§ **Requirement**
Repeat verbatim, and only, the lines of the data below, beginning at the line that contains "Lemma cnot_orbit_delta (c" and stopping after the line that contains "move: (supp_b); rewrite".

§ **Dataset entries**
=== Begin Enclosure ===

(* Let a stabilizer code $H$ be phantom with respect to the logical basis $(Q_X,Q_Z)$. Then for every weight vector $\mathbf w\in\mathbb Z_{\ge0}^3$, the number $\#\{v\in cQ_X+\mathrm{rs}(H):\ \mathbf w(v)=\mathbf w\}$ is the same for all $c\in\mathbb F_2^k\setminus\{0\}$. The same holds with $Q_X$ replaced by $Q_Z$.
   Context: Conventions: arithmetic over $\mathbb F_2$; vectors are row vectors; $\mathrm{rs}(M)$ is the row space of $M$; $E_{ab}\in\mathbb F_2^{k\times k}$ is the matrix unit with a single $1$ in position $(a,b)$; $A^{-T}=(A^{-1})^T$; $\Omega=\begin{pmatrix}0&I_n\\ I_n&0\end{pmatrix}$. A stabilizer code on $n$ qubits is given by a full-row-rank $H\in\mathbb F_2^{r\times 2n}$ with $H\Omega H^T=0$; $k=n-r$. A vector $(x|z)\in\mathbb F_2^{2n}$ represents the Pauli operator $\prod_iX_i^{x_i}Z_i^{z_i}$ up to phase. A logical basis is a pair $Q_X,Q_Z\in\mathbb F_2^{k\times 2n}$ with $H\Omega Q_X^T=0$, $H\Omega Q_Z^T=0$, $Q_X\Omega Q_X^T=0$, $Q_Z\Omega Q_Z^T=0$, $Q_X\Omega Q_Z^T=I_k$. A qubit permutation $\pi\in S_n$ with permutation matrix $P$ acts by $(x|z)\mapsto(xP|zP)$, i.e. right multiplication by $P\oplus P=\mathrm{diag}(P,P)$. For $A\in GL(k,\mathbb F_2)$, $\pi$ implements the logical CNOT circuit $A$ in the basis $(Q_X,Q_Z)$ if $\mathrm{rs}(H(P\oplus P))=\mathrm{rs}(H)$, every row of $Q_X(P\oplus P)-AQ_X$ lies in $\mathrm{rs}(H)$, and every row of $Q_Z(P\oplus P)-A^{-T}Q_Z$ lies in $\mathrm{rs}(H)$. The logical $\mathrm{CNOT}_{ab}$ ($a\neq b$) corresponds to $A=I_k+E_{ab}$. The stabilizer code is phantom with respect to $(Q_X,Q_Z)$ if for every ordered pair $(a,b)\in[k]^2$ with $a\ne b$ some permutation implements $I_k+E_{ab}$ in that basis; it is phantom if it is phantom with respect to some logical basis. The weight vector of $v=(x|z)$ is $\mathbf w(v)=(w_X,w_Z,w_Y)$ with $w_X=\#\{i:x_i=1,z_i=0\}$, $w_Z=\#\{i:x_i=0,z_i=1\}$, $w_Y=\#\{i:x_i=z_i=1\}$. *)

From HB Require Import structures.
From mathcomp Require Import all_boot all_order all_algebra all_fingroup.
Set Implicit Arguments. Unset Strict Implicit. Unset Printing Implicit Defensive.
Import GRing.Theory.
Local Open Scope ring_scope.

(* Binary field F_2. Vectors (x|z) in F_2^{2n} are row vectors 'rV_(n + n):
   x = lsubmx v, z = rsubmx v. *)
Notation F2 := 'F_2.

Definition Omega (n : nat) : 'M[F2]_(n + n) := block_mx 0 1%:M 1%:M 0.

Definition stab_code (n r : nat) (H : 'M[F2]_(r, n + n)) : Prop :=
  row_free H /\ H *m Omega n *m H^T = 0.

Definition logical_basis (n r k : nat) (H : 'M[F2]_(r, n + n))
  (QX QZ : 'M[F2]_(k, n + n)) : Prop :=
  [/\ H *m Omega n *m QX^T = 0, H *m Omega n *m QZ^T = 0,
      QX *m Omega n *m QX^T = 0, QZ *m Omega n *m QZ^T = 0
    & QX *m Omega n *m QZ^T = 1%:M].

Definition perm2 (n : nat) (s : 'S_n) : 'M[F2]_(n + n) :=
  block_mx (perm_mx s) 0 0 (perm_mx s).

Definition implements (n r k : nat) (H : 'M[F2]_(r, n + n))
  (QX QZ : 'M[F2]_(k, n + n)) (s : 'S_n) (A : 'M[F2]_k) : Prop :=
  [/\ (H *m perm2 s == H)%MS,
      (QX *m perm2 s - A *m QX <= H)%MS
    & (QZ *m perm2 s - (invmx A)^T *m QZ <= H)%MS].

Definition cnot_mx (k : nat) (a b : 'I_k) : 'M[F2]_k := 1%:M + delta_mx a b.

Definition phantom_wrt (n r k : nat) (H : 'M[F2]_(r, n + n))
  (QX QZ : 'M[F2]_(k, n + n)) : Prop :=
  forall a b : 'I_k, a != b -> exists s : 'S_n, implements H QX QZ s (cnot_mx a b).

(* weight vector (w_X, w_Z, w_Y) of v = (x|z) *)
Definition wvec (n : nat) (v : 'rV[F2]_(n + n)) : nat * nat * nat :=
  (#|[set i : 'I_n | (lsubmx v 0 i == 1) && (rsubmx v 0 i == 0)]|,
   #|[set i : 'I_n | (lsubmx v 0 i == 0) && (rsubmx v 0 i == 1)]|,
   #|[set i : 'I_n | (lsubmx v 0 i == 1) && (rsubmx v 0 i == 1)]|).

Definition coset_count (n r k : nat) (H : 'M[F2]_(r, n + n))
  (Q : 'M[F2]_(k, n + n)) (c : 'rV[F2]_k) (w : nat * nat * nat) : nat :=
  #|[set v : 'rV[F2]_(n + n) | ((v - c *m Q) <= H)%MS && (wvec v == w)]|.

From HB Require Import structures.
From mathcomp Require Import all_boot all_order all_algebra all_fingroup.
Import GRing.Theory.
Local Open Scope ring_scope.

Set Implicit Arguments.
Unset Strict Implicit.

(* A permutation implementing CNOT_ab sends v to v (P (+) P), which preserves
   weight vectors and rs(H) and maps the coset c Q_X + rs(H) into
   (c CNOT_ab) Q_X + rs(H); as CNOT_ab is an involution the coset counts of c
   and c CNOT_ab agree.  Right multiplications by CNOTs act transitively on
   nonzero rows: clearing the other bits turns any c with c_a = 1 into e_a,
   and e_a -> e_a + e_b -> e_b.  For Q_Z the implementation of CNOT_ba acts
   by (CNOT_ba^-1)^T = CNOT_ab, so the same argument applies. *)

Lemma F2_addrr (x : F2) : x + x = 0.
Proof. exact: (addrr_pchar2 (pchar_Fp (isT : prime 2))). Qed.

Lemma F2_neq0 (x : F2) : (x != 0) = (x == 1).
Proof. by case: x => -[|[|//]] ?. Qed.

Section Cnot.

Variables (k : nat) (a b : 'I_k).

Lemma row_cnot_mxE (c : 'rV[F2]_k) j :
  (c *m cnot_mx a b) 0 j = c 0 j + c 0 a * (j == b)%:R.
Proof.
rewrite /cnot_mx mulmxDr mulmx1 mxE; congr (_ + _).
rewrite mxE (bigD1 a) //= mxE eqxx /= big1 ?addr0 // => i /negbTE ne.
by rewrite mxE ne mulr0.
Qed.

Lemma trmx_cnot : (cnot_mx a b)^T = cnot_mx b a.
Proof. by rewrite /cnot_mx linearD /= trmx1 trmx_delta. Qed.

Hypothesis neq_ab : a != b.

Lemma cnot_mxK : cnot_mx a b *m cnot_mx a b = 1%:M.
Proof.
rewrite /cnot_mx mulmxDl !mulmxDr !mul1mx mulmx1 mul_delta_mx_0 1?eq_sym //.
rewrite addr0 -addrA; apply/matrixP => i j.
by rewrite !mxE F2_addrr addr0.
Qed.

Lemma invmx_cnot : invmx (cnot_mx a b) = cnot_mx a b.
Proof.
have unit_cnot : cnot_mx a b \in unitmx by case/mulmx1_unit: cnot_mxK.
by rewrite -[LHS]mulmx1 -cnot_mxK mulmxA mulVmx // mul1mx.
Qed.

End Cnot.

Section PermAction.

Variables (n : nat) (s : 'S_n).

Lemma lsubmx_mul_perm2 (v : 'rV[F2]_(n + n)) :
  lsubmx (v *m perm2 s) = lsubmx v *m perm_mx s.
Proof.
by rewrite -{1}(hsubmxK v) /perm2 mul_row_block !mulmx0 addr0 row_mxKl.
Qed.

Lemma rsubmx_mul_perm2 (v : 'rV[F2]_(n + n)) :
  rsubmx (v *m perm2 s) = rsubmx v *m perm_mx s.
Proof.
by rewrite -{1}(hsubmxK v) /perm2 mul_row_block !mulmx0 add0r row_mxKr.
Qed.

Lemma row_perm_mxE (x : 'rV[F2]_n) j : (x *m perm_mx s) 0 j = x 0 (s^-1%g j).
Proof. by rewrite -[s]invgK -col_permE mxE invgK. Qed.

Lemma wvec_mul_perm2 (v : 'rV[F2]_(n + n)) : wvec (v *m perm2 s) = wvec v.
Proof.
rewrite /wvec lsubmx_mul_perm2 rsubmx_mul_perm2.
have card_perm (P : F2 -> F2 -> bool) :
    #|[set i | P ((lsubmx v *m perm_mx s) 0 i) ((rsubmx v *m perm_mx s) 0 i)]| =
    #|[set i | P (lsubmx v 0 i) (rsubmx v 0 i)]|.
  rewrite -[RHS](card_preimset _ (@perm_inj _ (s^-1)%g)).
  by apply: eq_card => i; rewrite !inE !row_perm_mxE.
by rewrite (card_perm (fun x z => (x == 1) && (z == 0)))
  (card_perm (fun x z => (x == 0) && (z == 1)))
  (card_perm (fun x z => (x == 1) && (z == 1))).
Qed.

Lemma perm2_mulV : perm2 s *m perm2 (s^-1)%g = 1%:M.
Proof.
rewrite /perm2 mulmx_block !mulmx0 !mul0mx !addr0 !add0r -perm_mxM mulgV.
by rewrite perm_mx1 -scalar_mx_block.
Qed.

Lemma mul_perm2_inj : injective (fun v : 'rV[F2]_(n + n) => v *m perm2 s).
Proof.
by move=> u v /= e; rewrite -[u]mulmx1 -[v]mulmx1 -perm2_mulV !mulmxA e.
Qed.

End PermAction.

Section CosetCount.

Variables (n r k : nat) (H : 'M[F2]_(r, n + n)) (Q : 'M[F2]_(k, n + n)).
Variables (s : 'S_n) (B : 'M[F2]_k).
Hypotheses (sHs : (H *m perm2 s <= H)%MS) (sQs : (Q *m perm2 s - B *m Q <= H)%MS).

Lemma coset_count_mulmx_le c w :
  (coset_count H Q c w <= coset_count H Q (c *m B) w)%N.
Proof.
rewrite /coset_count -(card_imset _ (@mul_perm2_inj n s)).
apply: subset_leq_card; apply/subsetP => u /imsetP [v].
rewrite !inE => /andP [coset_v wv] ->; rewrite wvec_mul_perm2 wv andbT.
have -> : v *m perm2 s - c *m B *m Q =
          (v - c *m Q) *m perm2 s + c *m (Q *m perm2 s - B *m Q).
  by rewrite mulmxBl mulmxBr !mulmxA addrA subrK.
rewrite addmx_sub //; last exact: submx_trans (submxMl _ _) sQs.
exact: submx_trans (submxMr _ coset_v) sHs.
Qed.

Lemma coset_count_invol c w :
  B *m B = 1%:M -> coset_count H Q (c *m B) w = coset_count H Q c w.
Proof.
move=> BK; apply/eqP; rewrite eqn_leq coset_count_mulmx_le andbT.
by rewrite -{2}(mulmx1 c) -BK mulmxA coset_count_mulmx_le.
Qed.

End CosetCount.

Definition row_supp k (c : 'rV[F2]_k) : {set 'I_k} := [set j | c 0 j != 0].

Lemma row_supp_delta k (c : 'rV[F2]_k) a :
  a \in row_supp c -> row_supp c :\ a = set0 -> c = delta_mx 0 a.
Proof.
rewrite inE F2_neq0 => /eqP ca /setP supp_a; apply/matrixP => i j.
rewrite (ord1 i) mxE eqxx /=; case: (eqVneq j a) => [-> // | ja].
by have := supp_a j; rewrite !inE ja /= => /negbFE/eqP.
Qed.

Lemma row_supp_cnot k (a b : 'I_k) (c : 'rV[F2]_k) :
  a != b -> c 0 a = 1 -> b \in row_supp c ->
  row_supp (c *m cnot_mx a b) = row_supp c :\ b.
Proof.
rewrite inE F2_neq0 => ab ca /eqP cb; apply/setP => j.
rewrite !inE row_cnot_mxE ca mul1r; case: (eqVneq j b) => [-> | jb].
  by rewrite cb F2_addrr eqxx.
by rewrite addr0.
Qed.

Section CnotOrbit.

Variables (k : nat) (T : Type) (f : 'rV[F2]_k -> T).
Hypothesis f_cnot : forall a b c, a != b -> f (c *m cnot_mx a b) = f c.

Lemma cnot_orbit_delta (c : 'rV[F2]_k) a :
  a \in row_supp c -> f c = f (delta_mx 0 a).
Proof.
move: {2}#|_| (erefl #|row_supp c :\ a|) => m.
elim: m c => [|m IH] c hm ca.
  by rewrite (row_supp_delta ca (cards0_eq hm)).
have /card_gt0P [b supp_b] : (0 < #|row_supp c :\ a|)%N by rewrite hm.
move: (supp_b); rewrite in_setD1 eq_sym => /andP [ab cb].
have ca1 : c 0 a = 1 by move: ca; rewrite inE F2_neq0 => /eqP.
rewrite -(f_cnot c ab); apply: IH.
  move: hm; rewrite row_supp_cnot // setDDl setUC -setDDl (cardsD1 b) supp_b.
  by case.
by rewrite inE row_cnot_mxE ca1 (negbTE ab) mulr0 addr0 oner_neq0.
Qed.

Lemma cnot_orbit_nonzero (c1 c2 : 'rV[F2]_k) : c1 != 0 -> c2 != 0 -> f c1 = f c2.
Proof.
have supp_nonzero (c : 'rV[F2]_k) : c != 0 -> exists a, a \in row_supp c.
  move=> /eqP nz; case: (set_0Vmem (row_supp c)) => [supp0 | [a ca]]; last by exists a.
  case: nz; apply/matrixP => i j; rewrite (ord1 i) mxE.
  by apply/eqP; have /setP/(_ j) := supp0; rewrite !inE => /negbFE.
move=> /supp_nonzero [a1 s1] /supp_nonzero [a2 s2].
rewrite (cnot_orbit_delta s1) (cnot_orbit_delta s2).
have [-> // | ne] := eqVneq a1 a2.
pose d : 'rV[F2]_k := delta_mx 0 a1 + delta_mx 0 a2.
have d_a1 : a1 \in row_supp d by rewrite inE !mxE !eqxx (negbTE ne) addr0 oner_neq0.
have d_a2 : a2 \in row_supp d.
  by rewrite inE !mxE !eqxx [a2 == a1]eq_sym (negbTE ne) add0r oner_neq0.
by rewrite -(cnot_orbit_delta d_a1) (cnot_orbit_delta d_a2).
Qed.

End CnotOrbit.

Theorem mainTheorem3 (n r k : nat) (H : 'M[F2]_(r, n + n))
  (QX QZ : 'M[F2]_(k, n + n)) :
  stab_code H -> k = (n - r)%N -> logical_basis H QX QZ ->
  phantom_wrt H QX QZ ->
  forall w : nat * nat * nat, forall c1 c2 : 'rV[F2]_k,
    c1 != 0 -> c2 != 0 ->
    coset_count H QX c1 w = coset_count H QX c2 w /\
    coset_count H QZ c1 w = coset_count H QZ c2 w.
Proof.
move=> _ _ _ phantom w c1 c2 nz1 nz2; split.
  apply: (cnot_orbit_nonzero (f := fun c => coset_count H QX c w)) nz1 nz2.
  move=> a b c ab; have [s [/andP [sHs _] sQXs _]] := phantom a b ab.
  exact: coset_count_invol sHs sQXs _ _ (cnot_mxK ab).
apply: (cnot_orbit_nonzero (f := fun c => coset_count H QZ c w)) nz1 nz2.
move=> a b c ab; have ba : b != a by rewrite eq_sym.
have [s [/andP [sHs _] _]] := phantom b a ba.
rewrite invmx_cnot // trmx_cnot => sQZs.
exact: coset_count_invol sHs sQZs _ _ (cnot_mxK ab).
Qed.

=== End Enclosure ===

§ **Written answer**
Lemma cnot_orbit_delta (c : 'rV[F2]_k) a :
  a \in row_supp c -> f c = f (delta_mx 0 a).
Proof.
move: {2}#|_| (erefl #|row_supp c :\ a|) => m.
elim: m c => [|m IH] c hm ca.
  by rewrite (row_supp_delta ca (cards0_eq hm)).
have /card_gt0P [b supp_b] : (0 < #|row_supp c :\ a|)%N by rewrite hm.
move: (supp_b); rewrite in_setD1 eq_sym => /andP [ab cb].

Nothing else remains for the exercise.